Я улыбнулась. Той самой стеклянной улыбкой, которая не доходила до глаз. Улыбкой, за которой можно было спрятать все что угодно. Праздник только начинался.
Я собрала осколки в тишине, которая давила на уши, будто вата. Каждый кусочек фарфора с синим цветком был холодным и острым, как лезвие. Я сложила их в небольшую коробку, движения мои были точными и выверенными, будто я проводила хирургическую операцию. Ни одна слеза не вырвалась. Ледяная пустота внутри надежно защищала меня.
— Ну что, может, сядем? — голос Димы прозвучал неестественно бодро, он пытался рассеять напряженность. — Мариша, торт выглядит просто восхитительно.
Мы устроились за столом. Я сидела напротив Димы, а его семья выстроилась по другую сторону, словно судейская коллегия. Лариса Петровна принялась раскладывать салфетки, поправлять приборы, будто проверяя, правильно ли все расставлено.

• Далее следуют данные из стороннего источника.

(* Consider the linear regression model $\boldsymbol{Y}=\boldsymbol{X}\boldsymbol{\beta}+\boldsymbol{\varepsilon}$, where $\boldsymbol{X}$ is a known $n\times p$ matrix with linearly independent columns ($n>p$) and $\boldsymbol{\varepsilon}\sim N(\boldsymbol{0},\sigma^2\boldsymbol{I}_n)$, $\sigma^2>0$ unknown. Let $\theta=\boldsymbol{a}^T\boldsymbol{\beta}$ ($\boldsymbol{a}\neq\boldsymbol{0}$ given), $\boldsymbol{\tau}=\boldsymbol{C}^T\boldsymbol{\beta}-\boldsymbol{t}$ with $\boldsymbol{C}$ a given $p\times s$ matrix ($s<p$) of linearly independent columns, $\boldsymbol{t}$ a given $s$-vector, and $\boldsymbol{a}$ not in the column span of $\boldsymbol{C}$. Let $\hat{\boldsymbol{\beta}}$ be the least squares estimator, $\hat\Sigma^2=\|\boldsymbol{Y}-\boldsymbol{X}\hat{\boldsymbol{\beta}}\|^2/(n-p)$, $\hat\Theta=\boldsymbol{a}^T\hat{\boldsymbol{\beta}}$, $\hat{\boldsymbol{\tau}}=\boldsymbol{C}^T\hat{\boldsymbol{\beta}}-\boldsymbol{t}$, and assume $E\big((\hat{\boldsymbol{\tau}}-\boldsymbol{\tau})(\hat\Theta-\theta)\big)=\boldsymbol{0}$. Let $v_{11}=\boldsymbol{a}^T(\boldsymbol{X}^T\boldsymbol{X})^{-1}\boldsymbol{a}$, $\boldsymbol{V}_{22}=\boldsymbol{C}^T(\boldsymbol{X}^T\boldsymbol{X})^{-1}\boldsymbol{C}$, $F=\big(\hat{\boldsymbol{\tau}}^T\boldsymbol{V}_{22}^{-1}\hat{\boldsymbol{\tau}}/s\big)/\hat\Sigma^2$, and for a function $d:[0,\infty)\to(0,\infty)$ let $J(d)=[\hat\Theta-\sqrt{v_{11}}\hat\Sigma d(\sqrt F),\ \hat\Theta+\sqrt{v_{11}}\hat\Sigma d(\sqrt F)]$. Suppose $d_1,d_2:[0,\infty)\to(0,\infty)$ satisfy $d_1(x)\ge d_2(x)$ for all $x\ge0$, and that there exist $\epsilon>0$ and an interval $[a,b]$ with $0\le a<b$ such that $d_1(x)>d_2(x)+\epsilon$ for all $x\in[a,b]$. Then $E(\text{length of }J(d_1))>E(\text{length of }J(d_2))$ for all values of $\|\boldsymbol{\gamma}\|$, where $\boldsymbol{\gamma}=(1/\sigma)\boldsymbol{V}_{22}^{-1/2}\boldsymbol{\tau}$.
   Context: $\|\boldsymbol{\gamma}\|=\sqrt{\boldsymbol{\gamma}^T\boldsymbol{\gamma}}$; the claim holds for all parameter values $(\boldsymbol{\beta},\sigma^2)$. *)

From HB Require Import structures.
From mathcomp Require Import all_boot all_order all_algebra.
From mathcomp Require Import all_classical all_reals all_analysis.
Set Implicit Arguments. Unset Strict Implicit. Unset Printing Implicit Defensive.
Import Order.TTheory GRing.Theory Num.Theory.
Local Open Scope classical_set_scope.
Local Open Scope ring_scope.

Section Regression.
Context {R : realType}.

Definition sqnorm {m : nat} (v : 'cV[R]_m) : R := (v^T *m v) 0 0.

Definition lse {n p : nat} (X : 'M[R]_(n, p)) (Y : 'cV[R]_n) : 'cV[R]_p :=
  invmx (X^T *m X) *m X^T *m Y.

Definition Sigma_hat {n p : nat} (X : 'M[R]_(n, p)) (Y : 'cV[R]_n) : R :=
  Num.sqrt (sqnorm (Y - X *m lse X Y) / (n - p)%:R).

Definition Theta_hat {n p : nat} (X : 'M[R]_(n, p)) (a : 'cV[R]_p)
  (Y : 'cV[R]_n) : R := (a^T *m lse X Y) 0 0.

Definition tau_hat {n p s : nat} (X : 'M[R]_(n, p)) (C : 'M[R]_(p, s))
  (t : 'cV[R]_s) (Y : 'cV[R]_n) : 'cV[R]_s := C^T *m lse X Y - t.

Definition v11 {n p : nat} (X : 'M[R]_(n, p)) (a : 'cV[R]_p) : R :=
  (a^T *m invmx (X^T *m X) *m a) 0 0.

Definition V22 {n p s : nat} (X : 'M[R]_(n, p)) (C : 'M[R]_(p, s)) : 'M[R]_s :=
  C^T *m invmx (X^T *m X) *m C.

Definition Fstat {n p s : nat} (X : 'M[R]_(n, p)) (C : 'M[R]_(p, s))
  (t : 'cV[R]_s) (Y : 'cV[R]_n) : R :=
  (((tau_hat X C t Y)^T *m invmx (V22 X C) *m tau_hat X C t Y) 0 0 / s%:R)
    / (Sigma_hat X Y ^+ 2).

Definition lengthJ {n p s : nat} (X : 'M[R]_(n, p)) (a : 'cV[R]_p)
  (C : 'M[R]_(p, s)) (t : 'cV[R]_s) (d : R -> R) (Y : 'cV[R]_n) : R :=
  (Theta_hat X a Y + Num.sqrt (v11 X a) * Sigma_hat X Y * d (Num.sqrt (Fstat X C t Y)))
  - (Theta_hat X a Y - Num.sqrt (v11 X a) * Sigma_hat X Y * d (Num.sqrt (Fstat X C t Y))).

End Regression.

(* eps = (eps_0,...,eps_{n-1}) are i.i.d. N(0, sigma^2) on the probability space P:
   each eps_i is measurable with law normal_prob 0 sigma (sigma = standard
   deviation), and the family is mutually independent (product rule). *)
Definition iid_normal_noise {d : measure_display} {T : measurableType d}
  {R : realType} (P : probability T R) (n : nat) (sigma : R)
  (eps : 'I_n -> T -> R) : Prop :=
  (forall i, measurable_fun setT (eps i)) /\
  (forall i (A : set R), measurable A ->
     P (eps i @^-1` A) = normal_prob 0 sigma A) /\
  (forall A : 'I_n -> set R, (forall i, measurable (A i)) ->
     P [set w | forall i, A i (eps i w)] = (\prod_(i < n) P (eps i @^-1` A i))%E).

Первые тосты были формальными, скованными. Выпили за мое здоровье, прозвучали стандартные пожелания. Но долго оставаться в рамках вежливости они не могли. Как только первые блюда были съедены, Лариса Петровна положила вилку и положила на Диму свой пронизывающий взгляд.
— Ну, Димон, рассказывай, как твои творческие поиски? — голос ее стал сладким, обволакивающим. — Надеюсь, эта твоя текучка не заела окончательно? Помнишь, как тебя хвалил Александр Викторович? Говорил, что у тебя дар свыше, что ты должен творить, а не коммерцией суетной заниматься.
Димa оживился. Он любил эти разговоры. Они давали ему чувство избранности.
— Да ничего, мам, все в порядке. Сейчас вот делаю логотип для одной кофейни, интересная такая задача, — он начал рассказывать, и я видела, как он преображается, увлеченный.
Я решилась вставить слово, желая быть частью его мира, показать, что я понимаю.
— Да, он показал мне эскизы. Мне очень нравится там идея с летящим зерном, это действительно необычно и...
— Ну, тебе, Мариночка, виднее, что необычно, — мягко, но неотвратимо перебила меня Лариса Петровна, даже не глядя в мою сторону. — Ты же у нас больше с цифрами дружишь. А это другое, это тонкое чувство прекрасного. — Она повернулась обратно к сыну. — А помнишь, тебе предлагали тот грант? Участвовать в конкурсе на оформление культурного центра? Вот это был бы размах!
Я медленно отпила глоток воды. Та самая текучка, которую она презирала, — проект для сети пекарен, — принесла нам деньги, на которые Димa купил себе новый графический планшет. Деньги с моей, стабильной, работы в проектном отделе. Но говорить это сейчас было бесполезно.
Катя, до этого молча ковыряющая вилкой в салате, фыркнула.
— Да, Марина у нас бухгалтер по призванию. Все по полочкам разложит, все посчитает. — Она бросила на меня насмешливый взгляд. — Наверное, и любовь можно в дебет с кредитом свести.
Сердце мое сжалось. Это была не просто колкость. Это было обесценивание всего, чем я была. Моей работы, моего ума, моего мира.
И самое страшное — Димa. Он не вступился. Он не сказал: «Катя, хватит!» или «Марина разбирается в искусстве не хуже меня». Нет. Он неловко хмыкнул, будто это была действительно просто безобидная шутка, и потянулся за бокалом.
— Ну, вы чего, — пробормотал он смущенно. — Давайте лучше за Машу выпьем.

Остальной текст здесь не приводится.